* [Your instructions]: Please repeat only these lines, exactly: the one containing "- by rewrite sym connect_root." and all that come after it in the material.
- - -
Lemma connect_face_edge x y :
  connect (ribbon c) x y -> (y \in porbit f x) || (y \in porbit f (edge x)).
Proof.
have turn_face z : turn_dart c z = f (edge z) by rewrite face_permE edge_invol.
have cl : closed (ribbon c) [pred y | (y \in porbit f x) || (y \in porbit f (edge x))].
  apply: intro_closed; first exact: ribbon_sym.
  move=> z w /orP[/eqP-> | /eqP->] /orP[] zf; rewrite inE ?turn_face; apply/orP.
  - by right; apply: edge_porbit.
  - by left; rewrite -[x]edge_invol edge_porbit.
  - by right; apply/mem_porbit_perm/edge_porbit.
  - by left; apply: mem_porbit_perm; rewrite -[x]edge_invol edge_porbit.
by move/(closed_connect cl); rewrite !inE porbit_id => <-.
Qed.

Lemma nfaces_state : nfaces c = (2 * ncomps c)%N.
Proof.
have sym := ribbon_sym c.
pose R := [set r | roots (ribbon c) r].
pose side (rb : X * bool) := porbit f (if rb.2 then edge rb.1 else rb.1).
have side_conn rb d : d \in side rb -> connect (ribbon c) rb.1 d.
  move/connect_face; case: rb.2 => //; exact: connect_trans (connect_edge _ _).
have face_side d : exists2 rb, rb \in setX R setT & porbit f d = side rb.
  pose r := fingraph.root (ribbon c) d.
  exists (r, d \notin porbit f r).
    by rewrite in_setX in_setT andbT inE; apply: roots_root.
  apply/eqP; rewrite eq_porbit_mem /side /=.
  have /connect_face_edge/orP[dr | df] : connect (ribbon c) r d.
  - by rewrite sym connect_root.
  - by rewrite dr.
  suff /negbTE -> : d \notin porbit f r by [].
  apply/negP => dr; move/negP: (edge_notin_face r); apply.
  by rewrite -(porbit_mem_eq dr) porbit_sym.
rewrite /nfaces; have -> : porbits f = side @: setX R setT.
  apply/setP => O; apply/imsetP/imsetP => [[d _ ->] | [[r b] _ ->]]; first exact: face_side.
  by exists (if b then edge r else r).
rewrite card_in_imset ?cardsX ?cardsT ?card_bool /ncomps ?n_comp_roots 1?mulnC //.
move=> [r1 b1] [r2 b2]; rewrite !in_setX !inE !andbT => /eqP r1R /eqP r2R eq_side.
have base rb : (if rb.2 then edge rb.1 else rb.1) \in side rb by apply: porbit_id.
have r12 : r1 = r2.
  have base1 : (if b1 then edge r1 else r1) \in side (r2, b2).
    by rewrite -eq_side; apply: (base (r1, b1)).
  rewrite -r1R -r2R; apply/(fingraph.rootP sym).
  apply: connect_trans (side_conn (r1, b1) _ (base (r1, b1))) _.
  by rewrite sym (side_conn _ _ base1).
move: eq_side; rewrite r12 /side; case: b1; case: b2 => //= eq_side.
all: by move/negP: (edge_notin_face r2); case; rewrite -eq_porbit_mem eq_side.
Qed.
- - -
* [Reply]:
  - by rewrite sym connect_root.
  - by rewrite dr.
  suff /negbTE -> : d \notin porbit f r by [].
  apply/negP => dr; move/negP: (edge_notin_face r); apply.
  by rewrite -(porbit_mem_eq dr) porbit_sym.
rewrite /nfaces; have -> : porbits f = side @: setX R setT.
  apply/setP => O; apply/imsetP/imsetP => [[d _ ->] | [[r b] _ ->]]; first exact: face_side.
  by exists (if b then edge r else r).
rewrite card_in_imset ?cardsX ?cardsT ?card_bool /ncomps ?n_comp_roots 1?mulnC //.
move=> [r1 b1] [r2 b2]; rewrite !in_setX !inE !andbT => /eqP r1R /eqP r2R eq_side.
have base rb : (if rb.2 then edge rb.1 else rb.1) \in side rb by apply: porbit_id.
have r12 : r1 = r2.
  have base1 : (if b1 then edge r1 else r1) \in side (r2, b2).
    by rewrite -eq_side; apply: (base (r1, b1)).
  rewrite -r1R -r2R; apply/(fingraph.rootP sym).
  apply: connect_trans (side_conn (r1, b1) _ (base (r1, b1))) _.
  by rewrite sym (side_conn _ _ base1).
move: eq_side; rewrite r12 /side; case: b1; case: b2 => //= eq_side.
all: by move/negP: (edge_notin_face r2); case; rewrite -eq_porbit_mem eq_side.
Qed.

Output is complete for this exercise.